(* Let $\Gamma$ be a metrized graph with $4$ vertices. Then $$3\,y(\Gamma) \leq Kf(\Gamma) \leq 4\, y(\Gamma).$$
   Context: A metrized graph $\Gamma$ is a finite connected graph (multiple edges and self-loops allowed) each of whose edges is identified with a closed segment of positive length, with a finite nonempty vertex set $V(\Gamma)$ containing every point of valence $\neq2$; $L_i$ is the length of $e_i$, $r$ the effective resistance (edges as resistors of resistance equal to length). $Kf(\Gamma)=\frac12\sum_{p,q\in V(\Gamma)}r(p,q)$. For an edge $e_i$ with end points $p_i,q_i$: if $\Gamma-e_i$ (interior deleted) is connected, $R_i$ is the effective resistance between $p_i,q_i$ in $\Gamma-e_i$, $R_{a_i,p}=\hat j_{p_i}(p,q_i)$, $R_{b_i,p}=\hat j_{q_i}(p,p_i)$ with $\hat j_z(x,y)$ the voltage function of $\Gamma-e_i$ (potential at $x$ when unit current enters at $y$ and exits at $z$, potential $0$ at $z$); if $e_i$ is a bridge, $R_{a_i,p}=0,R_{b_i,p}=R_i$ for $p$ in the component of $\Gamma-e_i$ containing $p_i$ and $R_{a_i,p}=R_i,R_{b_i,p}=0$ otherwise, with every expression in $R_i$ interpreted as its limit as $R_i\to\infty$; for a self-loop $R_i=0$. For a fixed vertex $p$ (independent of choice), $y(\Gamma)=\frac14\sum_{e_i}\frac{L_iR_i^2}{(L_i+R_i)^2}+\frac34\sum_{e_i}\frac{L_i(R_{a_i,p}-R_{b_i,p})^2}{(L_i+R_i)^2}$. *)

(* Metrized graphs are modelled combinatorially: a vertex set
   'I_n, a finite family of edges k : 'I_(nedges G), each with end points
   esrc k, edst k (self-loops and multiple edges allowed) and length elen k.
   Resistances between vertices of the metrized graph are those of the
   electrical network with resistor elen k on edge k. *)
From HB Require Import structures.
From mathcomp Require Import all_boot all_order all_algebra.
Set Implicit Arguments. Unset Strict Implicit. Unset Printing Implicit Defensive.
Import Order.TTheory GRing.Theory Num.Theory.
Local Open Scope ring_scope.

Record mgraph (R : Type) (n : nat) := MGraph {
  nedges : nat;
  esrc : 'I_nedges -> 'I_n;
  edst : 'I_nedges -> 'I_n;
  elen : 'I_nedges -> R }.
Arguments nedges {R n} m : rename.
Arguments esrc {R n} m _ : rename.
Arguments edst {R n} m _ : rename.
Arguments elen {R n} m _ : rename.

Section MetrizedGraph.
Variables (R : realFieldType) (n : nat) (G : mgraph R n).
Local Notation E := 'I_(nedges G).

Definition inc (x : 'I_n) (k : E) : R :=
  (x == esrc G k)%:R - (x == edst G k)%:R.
---
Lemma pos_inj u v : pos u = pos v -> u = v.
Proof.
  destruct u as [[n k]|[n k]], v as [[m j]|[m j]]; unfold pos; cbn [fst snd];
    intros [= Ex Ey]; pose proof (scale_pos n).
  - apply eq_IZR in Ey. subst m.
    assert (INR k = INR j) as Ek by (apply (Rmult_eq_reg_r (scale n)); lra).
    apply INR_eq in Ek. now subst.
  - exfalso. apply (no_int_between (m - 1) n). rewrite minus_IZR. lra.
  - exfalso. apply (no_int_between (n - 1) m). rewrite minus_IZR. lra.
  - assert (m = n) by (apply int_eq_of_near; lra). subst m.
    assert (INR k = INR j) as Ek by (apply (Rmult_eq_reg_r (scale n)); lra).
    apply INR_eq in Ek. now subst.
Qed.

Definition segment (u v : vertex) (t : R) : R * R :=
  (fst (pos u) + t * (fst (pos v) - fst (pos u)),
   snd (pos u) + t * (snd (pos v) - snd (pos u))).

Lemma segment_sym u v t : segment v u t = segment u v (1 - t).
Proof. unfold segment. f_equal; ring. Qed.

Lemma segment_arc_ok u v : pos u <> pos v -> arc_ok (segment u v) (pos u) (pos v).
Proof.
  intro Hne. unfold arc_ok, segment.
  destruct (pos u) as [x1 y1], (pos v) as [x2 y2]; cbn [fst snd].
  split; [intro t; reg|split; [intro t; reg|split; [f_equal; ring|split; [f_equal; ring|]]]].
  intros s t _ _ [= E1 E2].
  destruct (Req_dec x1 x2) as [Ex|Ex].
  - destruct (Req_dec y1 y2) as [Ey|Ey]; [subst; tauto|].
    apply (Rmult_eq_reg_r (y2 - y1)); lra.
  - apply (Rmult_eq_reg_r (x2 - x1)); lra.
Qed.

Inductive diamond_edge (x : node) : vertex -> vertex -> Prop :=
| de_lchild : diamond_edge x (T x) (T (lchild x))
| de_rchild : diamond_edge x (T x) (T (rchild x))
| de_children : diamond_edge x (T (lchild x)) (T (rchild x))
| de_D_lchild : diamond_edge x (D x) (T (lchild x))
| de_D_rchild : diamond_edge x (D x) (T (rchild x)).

(EXERCISE OBJECTIVE): Every line in the records above with "apply" in it adds one to the count; give that count and nothing else.

(ANSWER TO THIS EXERCISE): 10